Adam planın başarısız olacağını fark etti.
Neden?
Adamın Kaineil ve diğerleriyle hiçbir bağı yok.
Başarısızlıklarını biliyorsanız, onu atmak normaldi.
Ama adam hareket etti.
Arenadaki muhafızları katlederek gladyatörlerin önünü açtılar.
Daha sonra kuzeydeki sarayı tek başına işgal etti ve güney kapısının savunma güçlerini topladı.
Risk altında olduğunuzu bile bile.
Ölümün beklediğini bile bile.
“Güzel!”
Adam kırmızı, yapışkan bir kan parçası kustu.
Hareketsiz durmak kolay değil.
‘Onu geride bırakmak mı istedim?’
Eğer yine de öleceksen
Eğer yeteneğinden nefret ederek öleceksen.
Belki de arkasında anlamlı bir şey bıraktıktan sonra ölmek istiyordu.

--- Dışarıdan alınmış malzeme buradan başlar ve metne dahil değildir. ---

Lemma bd_neq0_coface n (c : chain n.+1) (s : n.+1.-tuple V) : bd c s != 0 ->
  regular s /\ exists (t : n.+2.-tuple V) (i : 'I_n.+2),
    [/\ regular t, c t != 0 & delete_at i t = s].
Proof.
rewrite ffunE; case: ifP => [reg_s|_] nz; last by rewrite eqxx in nz.
split=> //; pose coface (ti : n.+2.-tuple V * 'I_n.+2) :=
  [&& regular ti.1, c ti.1 != 0 & delete_at ti.2 ti.1 == s].
have [[t i] /and3P [reg_t ct /eqP dt] | none] := pickP coface; first by exists t, i.
case/eqP: nz; apply: big1 => t reg_t; apply: big1 => i _.
have [-> | ct] := eqVneq (c t) 0; first by rewrite mulr0 mul0rn.
by case: eqP => // dt; have := none (t, i); rewrite /coface /= reg_t ct dt eqxx.
Qed.

Lemma bd_one_coface n (c : chain n.+1) (s : n.+1.-tuple V)
    (t0 : n.+2.-tuple V) (j : 'I_n.+2) :
  regular s -> regular t0 -> delete_at j t0 = s ->
  (forall (t : n.+2.-tuple V) (i : 'I_n.+2), regular t -> c t != 0 ->
      delete_at i t = s -> t = t0 /\ i = j) ->
  bd c s = (-1) ^+ j * c t0.
Proof.
move=> reg_s reg_t0 dt0 only_t0; rewrite ffunE reg_s (bigD1 t0) //=.
have no_other (t : n.+2.-tuple V) (i : 'I_n.+2) : regular t -> (t, i) != (t0, j) ->
    ((-1) ^+ i * c t) *+ (delete_at i t == s) = 0.
  move=> reg_t neq_ti; have [-> | ct] := eqVneq (c t) 0; first by rewrite mulr0 mul0rn.
  case: eqP => // dt.
  by case: (only_t0 _ _ reg_t ct dt) neq_ti => -> ->; rewrite eqxx.
rewrite (bigD1 j) //= dt0 eqxx mulr1n.
rewrite big1 ?addr0 => [|i neq_ij].
  rewrite big1 ?addr0 // => t /andP [reg_t neq_t].
  by apply: big1 => i _; rewrite no_other // xpair_eqE negb_and neq_t.
by rewrite no_other // xpair_eqE negb_and neq_ij orbT.
Qed.

Lemma sum_regular_tuples_eq m (x : seq V) (a : R) :
  \sum_(t : m.-tuple V | regular t) a *+ (x == t) =
  if (size x == m) && regular x then a else 0.
Proof.
have [size_x|size_x] /= := eqVneq (size x) m; last first.
  by apply: big1 => t _; case: eqP => // xt; rewrite xt size_tuple eqxx in size_x.
case: ifP => reg_x; last first.
  by apply: big1 => t reg_t; case: eqP => // xt; rewrite xt reg_t in reg_x.
rewrite (bigD1 (Tuple (introT eqP size_x))) //= eqxx mulr1n big1 ?addr0 //.
move=> t /andP [_ neq_t].
by case: eqP => // xt; case/eqP: neq_t; apply: val_inj.
Qed.

Lemma bd_bd_uniq (c : chain 2) : (forall t, c t != 0 -> uniq t) -> bd (bd c) = 0.
Proof.
move=> uniq_c; apply/ffunP => s; rewrite !ffunE; case: ifP => reg_s //.
have swap (i j : nat) (t t' : seq V) (a : R) :
    ((-1) ^+ j * (a *+ (delete_at i t == t'))) *+ (delete_at j t' == s) =
    (((-1) ^+ j * a) *+ (delete_at j (delete_at i t) == s)) *+ (delete_at i t == t').
  by case: eqP => [->|_]; rewrite ?mulr0n ?mulr0 ?mul0rn ?mulr1n.
under eq_bigr => t' reg_t' do under eq_bigr => j _ do
  rewrite ffunE reg_t' big_distrr -sumrMnl.
under eq_bigr => t' _ do under eq_bigr => j _ do under eq_bigr => t _ do
  rewrite big_distrr -sumrMnl.
under eq_bigr => t' _ do under eq_bigr => j _ do under eq_bigr => t _ do
  under eq_bigr => i _ do rewrite swap.
under eq_bigr => t' _ do rewrite exchange_big.
rewrite exchange_big; apply: big1 => t _; rewrite exchange_big.
under eq_bigr => j _ do rewrite exchange_big.
under eq_bigr => j _ do under eq_bigr => i _ do rewrite sum_regular_tuples_eq.
have [-> | ct] := eqVneq (c t) 0.
  by apply: big1 => j _; apply: big1 => i _; case: ifP; rewrite ?mulr0 ?mul0rn.
have [a [b [d et]]] := exists_tuple3 t; subst t.
have /= := uniq_c _ ct; rewrite !inE negb_or => /andP [/andP [nab nad] /andP [nbd _]].
have [x ->] := exists_tuple1 s.
rewrite !big_ord_recr !big_ord0 /= /delete_at /= /regular /= nab nad nbd /=.
rewrite !expr0 !expr1 !mul1r.
case: (a == x); case: (b == x); case: (d == x); rewrite /= ?mulr0n ?mulr1n; ring.
Qed.

End Boundary.

Section Digraph.
Variables (R : comPzRingType) (V : finType) (E : rel V).

Definition sole_detour (x v y : V) : Prop :=
  [/\ x != y, ~~ E x y & forall v', E x v' -> E v' y -> v' = v].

İnanmak istemiş olabilirsiniz.
Yeteneğinin birini öldürmek için var olmadığını söyledi.
Başkalarını çiğnemeye devam ettiği hayatının bir anlamı olduğunu söyledi.
Kükre -yen!
Sarayın salonlarında çıkan yangın yoğunlaşıyor.
Savaş sırasında salondaki bir lamba kırıldı ve yangın çıktı.
Alevler büyüyor, cesetleri ve kanlı halıları yutuyordu.
Adam gülümsedi.
Oldukça iyi.
Bu alev onu ve kendisini dünyadan izole edecek.
İzleyici odasına açılan kapıyı açın.
Sonra, izleyici odasının ötesinde, sarayın tahtını gördüm.